CHAPTER XV

Pyramus came down earlier than usual that year. The tenth of December saw his smoke-grimed wigwams erected in the little wood, the cloaks and scarves of the Romany women making bright blots of color among the somber trees, bronze babies rolling among bronze leaves.

Ortho was right; the gypsy chief had been hard hit and was open to any scheme for recouping his fortunes. After considerable haggling he consented to a fee of six shillings per horse per run—leaders thrown in—which was a shilling more than Ortho had intended to give him and two shillings more than he would have taken if pressed. The cavalry had not arrived as yet, and Ortho did not think it politic to inform Pyramus they were expected; there were the makings in him of a good business man.

The first run was dated for the night of January the third, but the heavy ground swell was rolling in and the lugger lay off until the evening of the fifth. King Nick arrived on the morning of the third, stepped quietly into the kitchen of the “Admiral Anson” as the Baragwanath family were sitting down to breakfast, having walked by night from Germoe. The meal finished, he gave melodious thanks to Heaven, sent for Ortho, asked what arrangements had been made for the landing, condemned them root and branch and substituted an entirely fresh lot. That done, he rode off to St. Just to survey the proposed pack route, taking Ortho with him.

He was back again by eight o’clock at night and immediately held a prayer-meeting in the Kiddlywink, preaching on “Lo, he thirsteth even as a hart thirsteth after the water brooks”—a vindication of the gin traffic—and passing on to describe the pains of hell with such graphic detail that one Cove woman fainted and another had hysterics.

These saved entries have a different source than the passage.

(* The shift by one keeps [code2 b], of level [(pos b).+1 <= (pos a).+1], in
   range and separates the boxes from the empty set. *)
Definition Kcode (T : K) : nat * rat :=
  if corners T is Some (a, b) then ((pos a).+1, code2 b) else (0%N, 0).

Lemma omega_mem_Kcode (T : K) : omega_mem (Kcode T).
Proof.
case: (KCB_cases T) => [T_empty | [a [b [ab ->]]]].
  by rewrite /Kcode corners_empty //; apply/omega_memP; rewrite mulr0 rpred0.
rewrite /Kcode corners_Kbox; apply: omega_mem_dyadic_code.
by rewrite ltnS -pos_le; exact: ab.2.
Qed.

Definition KCB_to_Omega (T : K) : Omega_eta := exist _ (Kcode T) (omega_mem_Kcode T).

Lemma Kcode_Kbox a b (ab : corner_pair a b) : Kcode (Kbox ab) = ((pos a).+1, code2 b).
Proof. by rewrite /Kcode corners_Kbox. Qed.

Lemma Kcode_empty (T : K) : (forall x, ~ proj1_sig T x) -> Kcode T = (0%N, 0).
Proof. by move=> T_empty; rewrite /Kcode corners_empty. Qed.

Lemma KCB_to_Omega_inj : injective KCB_to_Omega.
Proof.
move=> T U /(congr1 (@proj1_sig _ _)) /=.
case: (KCB_cases T) => [T_empty | [a [b [ab ->]]]];
  case: (KCB_cases U) => [U_empty | [a' [b' [ab' ->]]]].
- by move=> _; apply: KCB_le_anti => x; [case/T_empty | case/U_empty].
- by rewrite (Kcode_empty T_empty) Kcode_Kbox.
- by rewrite (Kcode_empty U_empty) Kcode_Kbox.
rewrite !Kcode_Kbox => -[pos_eq /code2_inj bb']; subst b'.
have aa' : a = a' by rewrite -(f1K a) -(f1K a') pos_eq.
by subst a'; rewrite (proof_irrelevance _ ab ab').
Qed.

Lemma Kcode_join_empty (T1 T2 T3 : K) :
  (forall x, ~ proj1_sig T1 x) -> is_join (@KCB_le X le1 le2) T1 T2 T3 ->
  Kcode T3 = pair_max (Kcode T1) (Kcode T2).
Proof.
move=> T1_empty T3_join.
have T2_join : is_join (@KCB_le X le1 le2) T1 T2 T2.
  by apply: is_join_max => //; [move=> x /T1_empty | right].
have [T32 T23] := join_unique T3_join T2_join.
rewrite (KCB_le_anti T32 T23) (Kcode_empty T1_empty) pair_max0 //.
by case/omega_memP: (omega_mem_Kcode T2).
Qed.

Lemma KCB_to_Omega_join (T1 T2 T3 : K) :
  is_join (@KCB_le X le1 le2) T1 T2 T3 ->
  is_join Omega_le (KCB_to_Omega T1) (KCB_to_Omega T2) (KCB_to_Omega T3).
Proof.
move=> T3_join; apply/Omega_joinP => /=.
case: (KCB_cases T1) => [T1_empty | [a1 [b1 [ab1 E1]]]].
  exact: Kcode_join_empty T3_join.
case: (KCB_cases T2) => [T2_empty | [a2 [b2 [ab2 E2]]]].
  by rewrite pair_maxC; apply: Kcode_join_empty (is_joinC T3_join).
subst T1 T2; have [a3 a3_join] := linear_join_exists L1 a1 a2.
have [b3 b3_join] := linear_join_exists L2 b1 b2.
have ab3 := corner_pair_join ab1 ab2 a3_join b3_join.
have [T3_le le_T3] := join_unique T3_join (Kbox_join ab1 ab2 ab3 a3_join b3_join).
rewrite (KCB_le_anti T3_le le_T3) !Kcode_Kbox /pair_max /=; congr pair.
- rewrite -maxEnat; apply: (homo_join_max L1 (f := fun x => (pos x).+1)) a3_join.
  by move=> x y /pos_le.
- by apply: (homo_join_max L2) b3_join => x y /ler_code2.
Qed.

Lemma exists_low_index N : exists k, (N <= k)%N /\ le2 (f1 k) (g 0).
Proof.
have h_inj : injective (fun t : nat => pos (g (- t%:R))).
  move=> s t E; apply/eqP; rewrite -(eqr_nat rat) -eqr_opp; apply/eqP/g_inj.
  by rewrite -(f1K (g _)) E f1K.
have [t Nt] := inj_nat_unbounded h_inj N.
exists (pos (g (- t%:R))); split => //; rewrite f1K; apply/g_ord.
by rewrite oppr_le0 ler0n.
Qed.

Definition low_index (N : nat) : nat :=
  proj1_sig (constructive_indefinite_description _ (exists_low_index N)).

Lemma low_indexP N : (N <= low_index N)%N /\ le2 (f1 (low_index N)) (g 0).
Proof. exact: proj2_sig (constructive_indefinite_description _ (exists_low_index N)). Qed.

Definition level_bound (n : nat) : nat := \max_(k < 2 ^ n) pos (g (k%:R / 2%:R ^+ n)).

Lemma pos_g_le_level_bound n r : omega_mem (n, r) -> (pos (g r) <= level_bound n)%N.
Proof.
move=> /omega_memP [r_ge0 r_lt1 /intrP [z r_int]].
have two_n_gt0 : (0 : rat) < 2%:R ^+ n by rewrite exprn_gt0.
have [k Ek] : exists k : nat, 2%:R ^+ n * r = k%:R.
  exists `|z|%N; rewrite r_int pmulrn gez0_abs // -(ler0z rat) -r_int.
  by rewrite mulr_ge0 // ltW.
have lt_k : (k < 2 ^ n)%N.
  by rewrite -(ltr_nat rat) natrX -Ek -[ltRHS]mulr1 ltr_pM2l.
have -> : r = k%:R / 2%:R ^+ n by rewrite -Ek [2%:R ^+ n * r]mulrC mulfK ?expf_neq0.
exact: (@leq_bigmax _ (fun k : 'I_(2 ^ n) => pos (g (k%:R / 2%:R ^+ n))) (Ordinal lt_k)).
Qed.
Lemma order_switch : d %| #[s]%g -> #[switch s x]%g = #[s]%g.
Proof.
case/dvdnP=> j ord_s; apply: order_mulg_commute; first exact: commute_switch.
  by rewrite ord_s mulnC expgM (paired_cycle_expd x_inj sx_inj sx_eq_or_disjoint) expg1n.
move=> k sck1.
have sk_out z : z \notin codom x -> z \notin codom (s \o x) -> (s ^+ k)%g z = z.
  move=> zNx zNsx; have ck_z : (c ^+ k)%g z = z.
    by rewrite permX; elim: k {sck1} => //= k ->; rewrite c_out.
  have := congr1 (fun p : {perm T} => p z) sck1.
  rewrite expgMn; last exact: commute_switch.
  by rewrite (commuteX2 k k commute_switch) permM ck_z perm1.
have [_ _ _ sk_x] := sx_switchable; apply/permP => z; rewrite perm1.
have [/codomP[i ->] | zNx] := boolP (z \in codom x); first exact: sk_x.
have [/codomP[i /= ->] | zNsx] := boolP (z \in codom (s \o x)); last exact: sk_out.
by rewrite -permM -expgS expgSr permM sk_x.
Qed.

End SwitchOf.

Lemma switch_inj (s s' : {perm T}) (x x' : 'I_d -> T) (i0 : 'I_d) :
  switchable s x -> switchable s' x' -> switch s x = switch s' x' ->
  x i0 = x' i0 -> s (x i0) = s' (x' i0) -> s = s' /\ x =1 x'.
Proof.
move=> sx s'x' t_eq x_eq0 sx_eq0.
have orbit_eq k : x (iter k (@ordS d) i0) = x' (iter k (@ordS d) i0) /\
                  s (x (iter k (@ordS d) i0)) = s' (x' (iter k (@ordS d) i0)).
  elim: k => [|k [x_eq sx_eq]] //=; split.
    by rewrite -(switch_sx sx) -(switch_sx s'x') t_eq sx_eq.
  by rewrite -(switch_x sx) -(switch_x s'x') t_eq x_eq.
have x_eq i : x i = x' i by rewrite -(iter_ordS_reach i0 i); case: (orbit_eq (i + (d - i0))).
have sx_eq : s \o x =1 s' \o x'.
  by move=> i /=; rewrite -(iter_ordS_reach i0 i); case: (orbit_eq (i + (d - i0))).
split=> //; apply: (mulIg (paired_cycle x (s \o x))).
by rewrite {2}(eq_paired_cycle x_eq sx_eq); apply: t_eq.
Qed.

End Switch.

Lemma leq_ffact a b k : a <= b -> a ^_ k <= b ^_ k.
Proof. by move=> ab; rewrite !ffact_prod; apply: leq_prod => i _; apply: leq_sub2r. Qed.

Lemma expn_subn_leq_ffact n k : (n - k) ^ k <= n ^_ k.
Proof.
rewrite ffact_prod -[k in _ ^ k]card_ord -prod_nat_const.
by apply: leq_prod => i _; apply: leq_sub2l; apply: ltnW.
Qed.

Section SwitchCount.
Variables (T : finType) (d m : nat) (i0 : 'I_d).
Variables (A : {perm T} -> {set T}) (P : {set T * T}).
Hypothesis d_dvd_m : d %| m.
Hypothesis A_switchable : forall (s : {perm T}) (x : 'I_d -> T),
  #[s]%g = m -> injective x -> (forall i, x i \in A s) ->
  switchable s x /\ (x i0, s (x i0)) \in P.

Let O := [set s : {perm T} | #[s]%g == m].
Let tuples (s : {perm T}) := [set x : {ffun 'I_d -> T} in ffun_on (A s) | injectiveb x].
Let D := [set p : {perm T} * {ffun 'I_d -> T} | (p.1 \in O) && (p.2 \in tuples p.1)].

Let card_D : #|D| = \sum_(s in O) #|A s| ^_ d.
Proof.
transitivity (\sum_(s in O) \sum_(x in tuples s) 1).
  by rewrite pair_big_dep sum1_card; apply: eq_card => p; rewrite inE.
by apply: eq_bigr => s _; rewrite sum1_card card_inj_ffuns_on card_ord.
Qed.

Let switch_pair (p : {perm T} * {ffun 'I_d -> T}) :=
  (switch p.1 p.2, (p.2 i0, p.1 (p.2 i0))).

Let switch_pair_switchable p :
  p \in D -> [/\ p.1 \in O, switchable p.1 p.2 & (p.2 i0, p.1 (p.2 i0)) \in P].
Proof.
rewrite !inE => /andP[O_s /andP[/ffun_onP x_A /injectiveP x_inj]].
by have [? ?] := A_switchable (eqP O_s) x_inj x_A.
Qed.

Let switch_pair_inj : {in D &, injective switch_pair}.
Proof.
move=> [s x] [s' x'] /switch_pair_switchable[_ sx _] /switch_pair_switchable[_ s'x' _].
rewrite /switch_pair /= in sx s'x' * => -[t_eq x_eq0 sx_eq0].
have [-> x_eq] := switch_inj sx s'x' t_eq x_eq0 sx_eq0.
by congr (_, _); apply/ffunP.
Qed.

Let switch_pair_sub : switch_pair @: D \subset setX O P.
Proof.
apply/subsetP => _ /imsetP[p /switch_pair_switchable[O_s sx P_s] ->].
move: O_s; rewrite !inE /= => /eqP ord_s.
by rewrite (order_switch sx) ord_s ?eqxx.
Qed.

Lemma card_switchable_le F :
  #|[set s : {perm T} | (#[s]%g == m) && (F <= #|A s|)]| * F ^_ d <= #|O| * #|P|.
Proof.
rewrite -cardsX; apply: leq_trans (subset_leq_card switch_pair_sub).
rewrite (card_in_imset switch_pair_inj) card_D -sum_nat_const.
rewrite [X in _ <= X](bigID (fun s => F <= #|A s|)) /=; apply: leq_trans (leq_addr _ _).
rewrite (eq_bigl (fun s => (s \in O) && (F <= #|A s|))) => [|s]; last by rewrite !inE.
by apply: leq_sum => s /andP[_]; apply: leq_ffact.
Qed.

End SwitchCount.

Lemma fixpoints_switchable (T : finType) d (s : {perm T}) (x : 'I_d -> T) :
  injective x -> (forall i, s (x i) = x i) -> switchable s x.
Proof.
move=> x_inj sx_x; split=> // [i | | k _ i]; [by rewrite !sx_x | by left |].
by rewrite permX; elim: k => //= k ->; rewrite sx_x.
Qed.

The run came off without a hitch two nights later. Ortho had his horses loaded up and away by nine o’clock. At one-thirty a crowd of enthusiastic diggers (all armed with clubs) were stripping his load and secreting it in an old mine working on the outskirts of St. Just. He was home in bed before dawn. Fifty-six casks of mixed gin, claret and brandy they carried that night, not to mention five hundredweight of tea.

On January 17th he carried forty-three casks, a bale of silk and a hundredweight of tea to Pendeen, dumping some odds and ends outside Gwithian as he passed by. And so it went on.

The consumption of cheap spirits among the miners was enormous. John Wesley, to whose credit can be placed almost the whole moral regeneration of the Cornish tinner, describes them as “those who feared not God nor regarded man,” accuses them of wrecking ships and murdering the survivors and of taking their pleasure in “hurling, at which limbs are often broken, fighting, drinking, and all other manner of wickedness.”

In winter their pastimes were restricted to fighting and drinking—principally drinking—in furtherance of which Ortho did a roaring trade. Between the beginning of January and the end of March he ran an average of five landings a month without any one so much as wagging a finger at him. The dragoons arrived at Christmas, but instead of a regiment two troops only appeared and they speedily declared a policy of “live and let live.” Their commanding officer, Captain Hambro, had not returned to his native land after years of hard campaigning to spend his nights galloping down blind byways at the behest of a civilian riding officer.

He had some regard for his horses’ legs and more for his own comfort. He preferred playing whist with the local gentry, who had fair daughters and who were the soul of hospitality. He temporized good-humoredly with the collector, danced quadrilles with the fair daughters at the “Ship and Castle,” and toasted their bright eyes in excellent port and claret, the knowledge that it had not paid a penny of duty in nowise detracting from its flavor. Occasionally—when he had no other appointment and the weather was passable—he mounted his stalwarts and made a spectacular drive—this as a sop to the collector. But he never came westwards; the going was too rough, and, besides, St. Just was but small potatoes compared with big mining districts to the east.